Все хохочут, представляя, как Егор поймал на огороде Дементия и мнет ему бока, а скорее всего, влепил ему заряд соли или бекасиной дроби.

Дементий продолжал рассказывать:

— Через день или два слышу разговор Коли с Володей: кто-то ходит ночью около дома Мезенцевых. Хотел я сказать, что это я ходил, а потом думаю: зачем про себя рассказывать? А вдруг еще кто-нибудь пройдет по огороду учителя, я что, буду за всех отвечать? Вскорости встречает меня Петр Иванович: так и так, кто-то ходит! А перед этим мужик какой-то про Петра Ивановича спрашивал… Почему он не зашел к Мезенцевым, не знаю.
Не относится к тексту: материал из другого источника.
(* Let $n\in\mathbb N$, let $H_1,\dots,H_n$ be BF-monoids, and let $H=H_1\times\dots\times H_n$. Then (1) $\mathcal R(H)=\bigcup_{i=1}^n\mathcal R(H_i)$; (2) $\operatorname{Ca}(H)=\bigcup_{i=1}^n\operatorname{Ca}(H_i)$; (3) $\daleth^*(H)=\bigcup_{i=1}^n\daleth^*(H_i)$.
   Context: A monoid is a commutative cancellative semigroup with identity; $H_{\mathrm{red}}=H/H^\times$, $\mathcal A(H)$ its atoms. For $a\in H$, $\mathsf Z(a)$ is the set of factorizations of $a$ (elements of the free abelian monoid on $\mathcal A(H_{\mathrm{red}})$ multiplying to $aH^\times$), $|z|$ the number of atoms in $z$, $\mathsf L(a)=\{|z|:z\in\mathsf Z(a)\}$. $H$ is a BF-monoid if $\mathsf L(a)$ is finite and nonempty for all $a\in H$. $\daleth^*(H) = \{\min(\mathsf L(uv)\setminus\{2\}) : u,v \in \mathcal A(H),\ |\mathsf L(uv)|>1\}$. Distance: writing $z = u_1\cdots u_k v_1\cdots v_\ell$, $z'=u_1\cdots u_k w_1\cdots w_m$ with no $v_i$ equal to any $w_j$, $\mathsf d(z,z')=\max\{\ell,m\}$. An $N$-chain from $z$ to $z'$ in $\mathsf Z(a)$ is a sequence $z=z_0,\dots,z_n=z'$ in $\mathsf Z(a)$ with $\mathsf d(z_{i-1},z_i)\le N$. $\mathsf c(a)$ is the least $N$ such that any two factorizations of $a$ are connected by an $N$-chain; $\operatorname{Ca}(H)=\{\mathsf c(a): a\in H,\ |\mathsf Z(a)|>1\}$. $\mathcal R(H)$ is the set of $d\in\mathbb N_{\ge2}$ such that some $a\in H$ has distinct $z,z'\in\mathsf Z(a)$ with $\mathsf d(z,z')=d$ not connected by any $(d-1)$-chain. *)

From Stdlib Require Import List Arith Lia FunctionalExtensionality.
Import ListNotations.

Set Implicit Arguments.

Record monoid := Monoid {
  car :> Type;
  mul : car -> car -> car;
  one : car;
  mulA : forall a b c, mul a (mul b c) = mul (mul a b) c;
  mulC : forall a b, mul a b = mul b a;
  mul1 : forall a, mul one a = a;
  mulK : forall a b c, mul a b = mul a c -> b = c }.

Section Factorizations.
Variable M : monoid.

Definition is_unit (u : M) : Prop := exists v, mul M u v = one M.

Definition associated (a b : M) : Prop := exists e, is_unit e /\ a = mul M b e.

Definition atom (u : M) : Prop :=
  ~ is_unit u /\ forall b c, u = mul M b c -> is_unit b \/ is_unit c.

Definition lprod (z : list M) : M := fold_right (mul M) (one M) z.

(* Two lists of atoms represent the same element of the free abelian monoid on
   A(H_red) iff they agree up to permutation and associates. *)
Inductive perm_assoc : list M -> list M -> Prop :=
  | pa_nil : perm_assoc [] []
  | pa_cons (x y : M) (l l1 l2 : list M) :
      associated x y -> perm_assoc l (l1 ++ l2) ->
      perm_assoc (x :: l) (l1 ++ y :: l2).

(* z (a list of atoms of H, read as the element of the free abelian monoid on
   A(H_red) formed by their classes) is a factorization of a. *)
Definition factorization (a : M) (z : list M) : Prop :=
  Forall atom z /\ associated (lprod z) a.

Definition in_L (a : M) (k : nat) : Prop :=
  exists z, factorization a z /\ length z = k.

Definition BF : Prop :=
  forall a : M, (exists k, in_L a k) /\ (exists N, forall k, in_L a k -> k <= N).

(* d(z,z') <= N : z = c v, z' = c w with |v|,|w| <= N (the minimum over such
   splittings is attained at c = gcd(z,z'), giving the paper's d). *)
Definition dist_le (z z' : list M) (N : nat) : Prop :=
  exists c v w, perm_assoc z (c ++ v) /\ perm_assoc z' (c ++ w) /\
                length v <= N /\ length w <= N.

Definition dist (z z' : list M) (d : nat) : Prop :=
  dist_le z z' d /\ forall N, dist_le z z' N -> d <= N.

Inductive chain (a : M) (N : nat) : list M -> list M -> Prop :=
  | chain_refl z : factorization a z -> chain a N z z
  | chain_step z y z' : factorization a z -> dist_le z y N ->
      chain a N y z' -> chain a N z z'.

Definition catenary_le (a : M) (N : nat) : Prop :=
  forall z z', factorization a z -> factorization a z' -> chain a N z z'.

Definition catenary (a : M) (N : nat) : Prop :=
  catenary_le a N /\ forall K, catenary_le a K -> N <= K.

Definition many_fact (a : M) : Prop :=
  exists z z', factorization a z /\ factorization a z' /\ ~ perm_assoc z z'.

Definition Ca (c : nat) : Prop := exists a, many_fact a /\ catenary a c.

Definition Rset (d : nat) : Prop :=
  2 <= d /\ exists a z z', factorization a z /\ factorization a z' /\
    ~ perm_assoc z z' /\ dist z z' d /\ ~ chain a (d - 1) z z'.

Definition daleth_star (m : nat) : Prop :=
  exists u v, atom u /\ atom v /\
    (exists k l, in_L (mul M u v) k /\ in_L (mul M u v) l /\ k <> l) /\
    in_L (mul M u v) m /\ m <> 2 /\
    forall k, in_L (mul M u v) k -> k <> 2 -> m <= k.

End Factorizations.

Definition idx (n : nat) := {i : nat | i < n}.

Section Product.
Variable n : nat.
Variable H : idx n -> monoid.

Definition pcar := forall i, car (H i).
Definition pmul (a b : pcar) : pcar := fun i => mul (H i) (a i) (b i).
Definition pone : pcar := fun i => one (H i).

Lemma pmulA a b c : pmul a (pmul b c) = pmul (pmul a b) c.
Proof. apply functional_extensionality_dep; intro i; apply mulA. Qed.
Lemma pmulC a b : pmul a b = pmul b a.
Proof. apply functional_extensionality_dep; intro i; apply mulC. Qed.
Lemma pmul1 a : pmul pone a = a.
Proof. apply functional_extensionality_dep; intro i; apply mul1. Qed.
Lemma pmulK a b c : pmul a b = pmul a c -> b = c.
Proof.
  intro E; apply functional_extensionality_dep; intro i.
  apply (@mulK (H i) (a i)). exact (f_equal (fun f => f i) E).
Qed.

Definition prod_monoid : monoid := @Monoid pcar pmul pone pmulA pmulC pmul1 pmulK.
End Product.

(** An atom of [H_1 x ... x H_n] has exactly one non-unit coordinate, which is an atom of
    that factor. Hence a factorization [z] of [a = (a_i)] is, up to associates and order,
    the disjoint union of factorizations [coord i z] of the coordinates [a_i]; projecting
    to a coordinate maps chains to chains without increasing distances, and conversely a
    chain in one coordinate lifts to a chain in [H] that leaves the other coordinates
    untouched, so chains in all coordinates can be assembled one coordinate at a time.
    Thus two factorizations are joined by an [N]-chain iff all their coordinates are, which
    gives [R(H)] and [c(a) = max_i c(a_i)], and hence [Ca(H)]. For [daleth^*(H)], two atoms
    in the same factor behave as in that factor, while for atoms [u], [v] in different
    factors [L(uv) = {2}]. *)

From Stdlib Require Import List Arith Lia FunctionalExtensionality Permutation.
From Stdlib Require Import ClassicalEpsilon Classical Eqdep_dec.
Import ListNotations.
Set Implicit Arguments.

Arguments mul {m} _ _.
Arguments mulA {m} a b c.
Arguments mulC {m} a b.
Arguments mul1 {m} a.
Arguments is_unit {M} u.
Arguments associated {M} a b.
Arguments atom {M} u.
Arguments lprod {M} z.
Arguments perm_assoc {M} _ _.
Arguments factorization {M} a z.
Arguments in_L {M} a k.
Arguments dist_le {M} z z' N.
Arguments chain {M} a N _ _.
Arguments catenary_le {M} a N.
Arguments catenary {M} a N.
Arguments many_fact {M} a.

Section MonoidTheory.
Context {M : monoid}.
Notation "x * y" := (@mul M x y).
Implicit Types (a b c d e : M) (l m z y w : list M).

Lemma mulr1 a : a * one M = a.
Proof. rewrite mulC; apply mul1. Qed.

Lemma unit_one : is_unit (one M).
Proof. exists (one M); apply mul1. Qed.

Lemma unit_mul a b : is_unit a -> is_unit b -> is_unit (a * b).
Proof.
  intros [x Hx] [y Hy]; exists (x * y).
  rewrite <- mulA, (mulA b x y), (mulC b x), <- (mulA x b y), Hy, mulr1; exact Hx.
Qed.

Lemma unit_mul_l a b : is_unit (a * b) -> is_unit a.
Proof. intros [x Hx]; exists (b * x); rewrite mulA; exact Hx. Qed.

Lemma unit_mul_r a b : is_unit (a * b) -> is_unit b.
Proof. rewrite mulC; apply unit_mul_l. Qed.

Lemma unit_lprod l : (forall x, In x l -> is_unit x) -> is_unit (lprod l).
Proof. induction l; simpl; intros h; [apply unit_one | apply unit_mul; auto]. Qed.

Lemma assoc_refl a : associated a a.
Proof. exists (one M); split; [apply unit_one | symmetry; apply mulr1]. Qed.

Lemma assoc_sym a b : associated a b -> associated b a.
Proof.
  intros [e [[f Hf] He]]; exists f; split.
  - exists e; rewrite mulC; exact Hf.
  - rewrite He, <- mulA, Hf, mulr1; reflexivity.
Qed.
— Был мужик-то или не было? — спросил бригадир.

— Был, чтоб мне не сойти с этого места! Я Петру Ивановичу рассказывал про этого мужика…

— Дальше.

— Дальше сам Петр Иванович виноват: он мне мысль подсказал! Дай-ка, думаю, проверю, такой ли ты смелый, как был раньше…

— Интересно ты объяснил, Дементий Корнилович! Только, однако, не так было дело, — сказал Иван Черный. Он редко когда говорил, и все повернулись в его сторону. — Ты по другой причине ходил около дома Мезенцевых. Помнишь, как жили на Татарском, ты мне чуть голову литовкой не срубил за то, что я стал косить недалеко от тебя? Покос-то был ничей!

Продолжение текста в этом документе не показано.